第36話

 念の為コテージの二階を調べに上がった清吾は、下着姿で手を後ろ手に縛られている女性を見つけた。驚きで叫び声を上げながら危うく階段から転げ落ちそうになった。叫び声を上げそうになったが、どうにか押さえ込み観察すると女性は目隠しをされ、声を押し殺し、震えながら涙を流している。


 一つ間違えれば、こんなふうにされたのは、ひかりや明星だったのかもしれないと思うと怒りが込み上げた。そしてこの短時間に既に被害者が発生していた事に戦慄した。


 怯えている女性を見て可哀想になった清吾は、何か声を掛けようか迷ったが、黙って静かに階段を降りた。

 一階で海道に二階で縛られている女性のことを伝えると「見られてないならまだ大丈夫だ。予定は狂ったがまだ何とか修正出来るだろう」と落ち着いていた。


 海道の号令の下大急ぎで床と階段を拭き足跡を消し、終わり次第全員ガブラハウスから風の如く立ち去った。
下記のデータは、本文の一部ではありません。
Lemma cycle_dist_antipode (i : nat) j :
  i < p -> cycle_dist p i (antipode j) = m - cycle_dist p i j.
Proof. by have := val_antipode j; have := ltn_ord j; rewrite /cycle_dist; lia. Qed.

Lemma cycle_dist_second_difference_v1 c :
  cycle_dist p v1 (ord_pred c) ^ 2 + cycle_dist p v1 (ordS c) ^ 2
    + 4 * m * (c == antipode v1) = 2 + 2 * cycle_dist p v1 c ^ 2.
Proof.
have antipode_v1 : antipode v1 = m :> nat by have := val_antipode v1; rewrite /=; lia.
have -> : (c == antipode v1) = (c == m :> nat).
  by apply/eqP/eqP => [->|eq_cm] //; apply: val_inj; rewrite /= eq_cm antipode_v1.
rewrite /= !cycle_dist0.
have := val_ordS c; have := val_ord_pred c; have := ltn_ord c.
set a := val (ord_pred c); set b := val (ordS c) => lt_cp ha hb.
case: (ltngtP c m) => [lt_cm | gt_cm | eq_cm]; rewrite ?muln0 ?addn0.
- have -> : minn b (p - b) = c.+1 by lia.
  have -> : minn c (p - c) = c by lia.
  case: (posnP c) => [c0 | c_gt0].
  + have -> : minn a (p - a) = 1 by lia.
    by rewrite c0.
  + have -> : minn a (p - a) = c.-1 by lia.
    exact: sqrn_pred_succ.
- have -> : minn a (p - a) = (p - c).+1 by lia.
  have -> : minn b (p - b) = (p - c).-1 by lia.
  have -> : minn c (p - c) = p - c by lia.
  by rewrite addnC sqrn_pred_succ //; lia.
- have -> : minn a (p - a) = m.-1 by lia.
  have -> : minn b (p - b) = m.-1 by lia.
  have -> : minn c (p - c) = m by lia.
  by case: m m_gt0 {lt_cp ha hb eq_cm} => // n _ /=; ring.
Qed.

(* By circulant symmetry it suffices to check the identity at i = v1. *)
Lemma cycle_dist_second_difference i c :
  cycle_dist p i (ord_pred c) ^ 2 + cycle_dist p i (ordS c) ^ 2
    + 4 * m * (c == antipode i) = 2 + 2 * cycle_dist p i c ^ 2.
Proof.
move: i c; apply: (ordS_ind (i := v1)); first exact: cycle_dist_second_difference_v1.
move=> i IH c; have [c' ->] : exists c', c = ordS c' by exists (ord_pred c); rewrite ord_predK.
rewrite ordSK antipode_ordS (inj_eq (@ordS_inj _)) -{1}[c'](ord_predK c') !cycle_dist_ordS.
exact: IH.
Qed.

Lemma cycle_dist_le_half (i j : nat) : cycle_dist p i j <= m.
Proof. by rewrite /cycle_dist; lia. Qed.

Local Open Scope ring_scope.

Lemma DeltaCE i j : DeltaC R p i j = (cycle_dist p i j ^ 2)%N%:R.
Proof. by rewrite mxE gdist_cycle. Qed.

Lemma xUE i k : xU R p i k = ((cycle_dist p 0 i).+1 ^ 2)%N%:R.
Proof. by rewrite mxE gdist_pendant. Qed.

Definition sum_sq_dist : R := \sum_(k < p) (cycle_dist p v1 k ^ 2)%N%:R.

Lemma sum_DeltaC_row i : \sum_k DeltaC R p i k = sum_sq_dist.
Proof.
under eq_bigr do rewrite DeltaCE.
rewrite /sum_sq_dist; apply: (sum_circulant (F := fun i k => (cycle_dist p i k ^ 2)%N%:R)).
by move=> {}i k; rewrite cycle_dist_ordS.
Qed.

Lemma sum_sq_dist_gt0 : 0 < sum_sq_dist.
Proof.
rewrite /sum_sq_dist (bigD1 (antipode v1)) //= cycle_dist_antipode //.
rewrite /cycle_dist subnn min0n subn0 ltr_wpDr ?sumr_ge0 // ltr0n.
by rewrite expn_gt0 m_gt0.
Qed.

Let sum_sq_dist_neq0 : sum_sq_dist != 0. Proof. by rewrite gt_eqF ?sum_sq_dist_gt0. Qed.
Let natr_m_neq0 : m%:R != 0 :> R. Proof. by rewrite pnatr_eq0 -lt0n. Qed.

Definition DeltaC_inv : 'M[R]_p := \matrix_(k, j)
  ((2 / sum_sq_dist - (k == ord_pred (antipode j))%:R - (k == ordS (antipode j))%:R
    + 2 * (k == antipode j)%:R) / (4 * m)%:R).

Lemma mulmx_DeltaC_inv : DeltaC R p *m DeltaC_inv = 1%:M.
Proof.
apply/matrixP => i j; rewrite !mxE.
set a := antipode j.
have second_diff : (cycle_dist p i (ord_pred a))%:R ^+ 2 + (cycle_dist p i (ordS a))%:R ^+ 2
    + 4 * m%:R * (j == i)%:R = 2 + 2 * (cycle_dist p i a)%:R ^+ 2 :> R.
  by rewrite -!natrX -!natrM -!natrD -(inj_eq antipode_inj) cycle_dist_second_difference.
under eq_bigr => k _ do rewrite [DeltaC_inv k j]mxE.
have E k : DeltaC R p i k * ((2 / sum_sq_dist - (k == ord_pred a)%:R - (k == ordS a)%:R
                                + 2 * (k == a)%:R) / (4 * m)%:R)
  = (DeltaC R p i k * (2 / sum_sq_dist) - DeltaC R p i k * (k == ord_pred a)%:R
     - DeltaC R p i k * (k == ordS a)%:R + 2 * (DeltaC R p i k * (k == a)%:R)) / (4 * m)%:R.
  by ring.
rewrite (eq_bigr _ (fun k _ => E k)) -mulr_suml big_split /= !sumrB -mulr_suml -mulr_sumr.
rewrite !sum_mul_eq sum_DeltaC_row !DeltaCE !natrX eq_sym natrM.
set A := (cycle_dist p i (ord_pred a))%:R in second_diff *.
have -> : A ^+ 2 = 2 + 2 * (cycle_dist p i a)%:R ^+ 2 - 4 * m%:R * (j == i)%:R
                   - (cycle_dist p i (ordS a))%:R ^+ 2.
  by rewrite -second_diff; ring.
by field; rewrite sum_sq_dist_neq0 natr_m_neq0.
Qed.

Lemma DeltaC_unit : DeltaC R p \in unitmx.
Proof. exact: (mulmx1_unit mulmx_DeltaC_inv).1. Qed.

Definition yU : 'cV[R]_p := \col_k
  ((1 + m%:R^-1) * (k == v1)%:R - m%:R^-1 * (k == antipode v1)%:R + m.+1%:R / sum_sq_dist).

Lemma sum_mul_yU (F : 'I_p -> R) (j : 'I_1) :
  \sum_k F k * yU k j =
  (1 + m%:R^-1) * F v1 - m%:R^-1 * F (antipode v1) + m.+1%:R / sum_sq_dist * \sum_k F k.
Proof.
under eq_bigr => k _ do rewrite mxE.
have E k : F k * ((1 + m%:R^-1) * (k == v1)%:R - m%:R^-1 * (k == antipode v1)%:R
                  + m.+1%:R / sum_sq_dist)
  = (1 + m%:R^-1) * (F k * (k == v1)%:R) - m%:R^-1 * (F k * (k == antipode v1)%:R)
    + m.+1%:R / sum_sq_dist * F k.
  by ring.
rewrite (eq_bigr _ (fun k _ => E k)) big_split /= sumrB -!mulr_sumr.
by rewrite !sum_mul_eq.
Qed.

Lemma mulmx_DeltaC_yU : DeltaC R p *m yU = xU R p.
Proof.
apply/matrixP => i j; rewrite xUE mxE sum_mul_yU sum_DeltaC_row !DeltaCE.
rewrite cycle_dist_antipode // (cycle_dist_sym _ i).
set d := cycle_dist p 0 i.
rewrite !natrX natrB ?cycle_dist_le_half // -!natr1.
by field; rewrite sum_sq_dist_neq0 natr_m_neq0.
Qed.

Lemma sum_sq_dist_lt_sum_xU : sum_sq_dist < \sum_k xU R p k ord0.
Proof.
apply: ltr_sum => [|k _]; first by apply/hasP; exists v1; rewrite ?mem_index_enum.
by rewrite xUE ltr_nat ltn_exp2r.
Qed.

Lemma xU_tr_mul_yU :
  ((xU R p)^T *m yU) ord0 ord0
  = m.+1%:R * (\sum_k xU R p k ord0 - sum_sq_dist) / sum_sq_dist.
Proof.
rewrite mxE; under eq_bigr do rewrite mxE.
rewrite sum_mul_yU [xU _ _ v1 _]xUE [xU _ _ (antipode v1) _]xUE cycle_dist_antipode //.
rewrite /cycle_dist subnn min0n subn0 natrX -natr1.
by field; rewrite sum_sq_dist_neq0 natr_m_neq0.
Qed.

Lemma xU_tr_mul_yU_gt0 : 0 < ((xU R p)^T *m yU) ord0 ord0.
Proof.
rewrite xU_tr_mul_yU divr_gt0 ?sum_sq_dist_gt0 // mulr_gt0 ?ltr0n //.
by rewrite subr_gt0 sum_sq_dist_lt_sum_xU.
Qed.

End EvenCycle.

Local Open Scope ring_scope.
Unset Implicit Arguments.

Theorem lemma6p2 (R : realFieldType) (m : nat) (hm : (2 <= m)%N) :
  DeltaC R (2 * m) \in unitmx /\
  0 < ((xU R (2 * m))^T *m invmx (DeltaC R (2 * m)) *m xU R (2 * m)) ord0 ord0.
Proof.
have m_gt0 : (0 < m)%N by apply: leq_trans hm.
have Delta_unit := DeltaC_unit R m_gt0.
split=> //.
rewrite -mulmxA -[X in invmx _ *m X](mulmx_DeltaC_yU R m_gt0) mulKmx //.
exact: xU_tr_mul_yU_gt0.
Qed.
(* Let $n\ge 2$ and let $a_1,\dots,a_n$ be positive integers. For $k\ge 1$ put $p_k=K(a_1,\dots,a_k)$, $q_k=K(a_2,\dots,a_k)$ and $r_k=K(a_3,\dots,a_k)$, so that $[a_1,\dots,a_n]=p_n/q_n$ and $[a_2,\dots,a_n]=q_n/r_n$. Then \[ [a_n,\dots,a_2,a_1,a_2,\dots,a_n]=\frac{p_n^2-r_n^2}{p_{n-1}p_n-r_{n-1}r_n}. \]
   Context: $[b_1,\dots,b_k]=b_1+\cfrac{1}{b_2+\cfrac{1}{\ddots+\cfrac{1}{b_k}}}$ denotes a continued fraction. For positive integers $a_i,\dots,a_j$, $K(a_i,\dots,a_j)$ denotes the continuant, i.e. the numerator of $[a_i,\dots,a_j]$ written in lowest terms; by convention $K(a_i,\dots,a_j)=1$ if $j=i-1$ (empty sequence) and $K(a_i,\dots,a_j)=0$ if $j=i-2$. *)

From mathcomp Require Import all_boot all_order all_algebra.
Set Implicit Arguments. Unset Strict Implicit. Unset Printing Implicit Defensive.
Import GRing.Theory Num.Theory.
Local Open Scope ring_scope.

Fixpoint cont (s : seq nat) : nat :=
  match s with
  | [::] => 1%N
  | [:: x] => x
  | x :: ((_ :: t) as s') => (x * cont s' + cont t)%N
  end.

(* K(a_i, ..., a_j) for a sequence a indexed by nat (a_k = a k);
   K = 1 for the empty sequence j = i-1, K = 0 when j = i-2. *)
Definition K (a : nat -> nat) (i j : nat) : nat :=
  if (j.+2 == i)%N then 0%N
  else cont [seq a k | k <- iota i (j.+1 - i)].

Fixpoint cf (s : seq nat) : rat :=
  match s with
  | [::] => 0
  | [:: x] => x%:R
  | x :: s' => x%:R + (cf s')^-1
  end.

From mathcomp Require Import all_boot all_order all_algebra.
From mathcomp Require Import zify ring.
Import GRing.Theory Num.Theory.
Local Open Scope ring_scope.

(* Continuants are the top-left entries of products of the symmetric matrices
   [[x, 1], [1, 0]]; transposing such a product reverses the sequence, so
   K(rev s) = K(s) and K(rev u ++ v) = K(u) K(v) + K(u') K(v'), where s' drops
   the first entry of s.  The palindrome w = rev (a_1 .. a_n) ++ (a_2 .. a_n)
   has value K(w) / K(w'), with K(w) = q_n (p_n + r_n) and
   K(w') = p_(n-1) q_n + q_(n-1) r_n.  Multiplying both by a_1 and using
   p_k = a_1 q_k + r_k turns this ratio into the stated one. *)

(* [cont_tail [::] = 0], matching the convention K = 0 for j = i - 2. *)
Definition cont_tail (s : seq nat) : nat := if s is _ :: t then cont t else 0.

Lemma cont_tail_cons x s : cont_tail (x :: s) = cont s.
Proof. by []. Qed.

Lemma cont_cons x s : cont (x :: s) = (x * cont s + cont_tail s)%N.
Proof. by case: s => [|y t] /=; rewrite ?muln1 ?addn0. Qed.

Definition cont_step (x : nat) : 'M[nat]_2 :=
  \matrix_(i, j) nth 0 (nth [::] [:: [:: x; 1]; [:: 1; 0]] i) j.

Definition cont_mx (s : seq nat) : 'M[nat]_2 := foldr (fun x A => cont_step x *m A) 1%:M s.

Lemma mulmx2E (R : pzSemiRingType) (A B : 'M[R]_2) i j :
  (A *m B) i j = A i 0 * B 0 j + A i 1 * B 1 j.
Proof.
by rewrite mxE !big_ord_recl big_ord0 addr0 (_ : lift ord0 ord0 = 1) //; apply: val_inj.
Qed.

Lemma cont_mx_cat u v : cont_mx (u ++ v) = cont_mx u *m cont_mx v.
Proof. by elim: u => [|x u IH] /=; rewrite ?mul1mx // IH mulmxA. Qed.

Lemma cont_mx_col0 s : cont_mx s 0 0 = cont s /\ cont_mx s 1 0 = cont_tail s.
Proof.
elim: s => [|x s [IH0 IH1]]; first by rewrite !mxE.
by rewrite cont_cons /= !mulmx2E !mxE /= IH0 IH1 !mul1r mul0r addr0.
Qed.

Lemma trmx_cont_step x : (cont_step x)^T = cont_step x.
Proof. by apply/matrixP => i j; rewrite !mxE; case: i j => [[|[|?]] ?] [[|[|?]] ?]. Qed.

Lemma trmx_cont_mx s : (cont_mx s)^T = cont_mx (rev s).
Proof.
elim: s => [|x s IH]; first by rewrite trmx1.
by rewrite rev_cons -cats1 cont_mx_cat /= trmx_mul IH trmx_cont_step mulmx1.
Qed.

Lemma cont_rev s : cont (rev s) = cont s.
Proof. by rewrite -!(cont_mx_col0 _).1 -trmx_cont_mx mxE. Qed.

Lemma cont_cat u v : cont (u ++ v) = (cont u * cont v + cont_tail (rev u) * cont_tail v)%N.
Proof.
have M01 : cont_mx u 0 1 = cont_tail (rev u).
  by rewrite -[cont_mx u]trmxK trmx_cont_mx mxE (cont_mx_col0 _).2.
by rewrite -(cont_mx_col0 _).1 cont_mx_cat mulmx2E M01 !(cont_mx_col0 _).1 (cont_mx_col0 v).2.
Qed.

Lemma cont_rev_cat u v : cont (rev u ++ v) = (cont u * cont v + cont_tail u * cont_tail v)%N.
Proof. by rewrite cont_cat cont_rev revK. Qed.

Lemma cont_gt0 s : all (leq 1) s -> (0 < cont s)%N.
Proof.
elim: s => [|x s IH] // /andP [x_gt0 /IH s_gt0].
by rewrite cont_cons ltn_addr // muln_gt0 x_gt0 s_gt0.
Qed.

Lemma cf_cons x s : all (leq 1) s -> cf (x :: s) = (cont (x :: s))%:R / (cont s)%:R.
Proof.
elim: s x => [|y s IH] x; first by rewrite divr1.
move=> /[dup] pos_ys /andP [_ pos_s].
have -> : cf [:: x, y & s] = x%:R + (cf (y :: s))^-1 by [].
have ys_neq0 : (cont (y :: s))%:R != 0 :> rat by rewrite pnatr_eq0 -lt0n cont_gt0.
rewrite IH // invf_div (cont_cons x) [cont_tail _]/= natrD natrM.
by field.
Qed.

Lemma K_cont a i l : K a i.+1 (i + l) = cont [seq a k | k <- iota i.+1 l].
Proof. by rewrite /K ifN ?subSS ?addKn //; lia. Qed.

Lemma K_tail a i l : K a i.+2 (i + l) = cont_tail [seq a k | k <- iota i.+1 l].
Proof.
case: l => [|l]; first by rewrite /K addn0 eqxx.
by rewrite -addSnnS K_cont.
Qed.

Lemma palindrome_ratio (F : fieldType) (x q r q' r' : F) : x != 0 ->
  ((x * q + r) * q + q * r) / ((x * q' + r') * q + q' * r)
  = ((x * q + r) ^+ 2 - r ^+ 2) / ((x * q' + r') * (x * q + r) - r' * r).
Proof.
move=> x_neq0.
have -> : (x * q + r) ^+ 2 - r ^+ 2 = x * ((x * q + r) * q + q * r) by ring.
have -> : (x * q' + r') * (x * q + r) - r' * r = x * ((x * q' + r') * q + q' * r) by ring.
by rewrite -mulf_div mulfV ?mul1r.
Qed.

Theorem theorem3p15 (n : nat) (a : nat -> nat) :
  (2 <= n)%N ->
  (forall i, (1 <= i <= n)%N -> (0 < a i)%N) ->
  let p := fun k => (K a 1 k)%:R : rat in
  let r := fun k => (K a 3 k)%:R : rat in
  cf ([seq a k | k <- rev (iota 1 n)] ++ [seq a k | k <- iota 2 n.-1])
  = (p n ^+ 2 - r n ^+ 2) / (p n.-1 * p n - r n.-1 * r n).
Proof.
case: n => [|[|m]] // _ a_gt0 p r; change m.+2.-1 with m.+1.
have iota_rcons : iota 1 m.+2 = rcons (iota 1 m.+1) m.+2 by rewrite -cats1 -{1}[m.+2]addn1 iotaD.
have pos : all (leq 1) (rev [seq a k | k <- iota 1 m.+1] ++ [seq a k | k <- iota 2 m.+1]).
  apply/allP => x; rewrite mem_cat mem_rev => /orP [] /mapP [k + ->];
    by rewrite mem_iota => k_range; apply: a_gt0; lia.
rewrite /p /r (K_cont a 0 m.+2) (K_cont a 0 m.+1) (K_tail a 1 m.+1) (K_tail a 1 m).
rewrite map_rev iota_rcons map_rcons rev_rcons cat_cons cf_cons //.
rewrite -cat_cons -rev_rcons -map_rcons -iota_rcons !cont_rev_cat.
have map_iota1 l : [seq a k | k <- iota 1 l.+1] = a 1 :: [seq a k | k <- iota 2 l] by [].
rewrite !map_iota1 !(cont_cons (a 1)) !(cont_tail_cons (a 1)) !(natrD, natrM).
by apply: palindrome_ratio; rewrite pnatr_eq0 -lt0n a_gt0.
Qed.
 当初の予定では目を覚ました青年のうちの誰かが連絡するので、海道たちは仕事が済めば直ぐにその場から解散する筈だった。

 だが、縛られている女性が心配なので清吾と秋文が早めに連絡しようと急かしたので途中匿名で受付に連絡しておいた。


 今回の攫われた女性は未遂とはいえ、他に大勢の犠牲者がいる。あの四人には全く同情の余地は無い。男性機能を失わせた事により、これから被害者はいなくなるだろう。清吾は清々しい気持ちだった。恐らく秋文もそうであろう。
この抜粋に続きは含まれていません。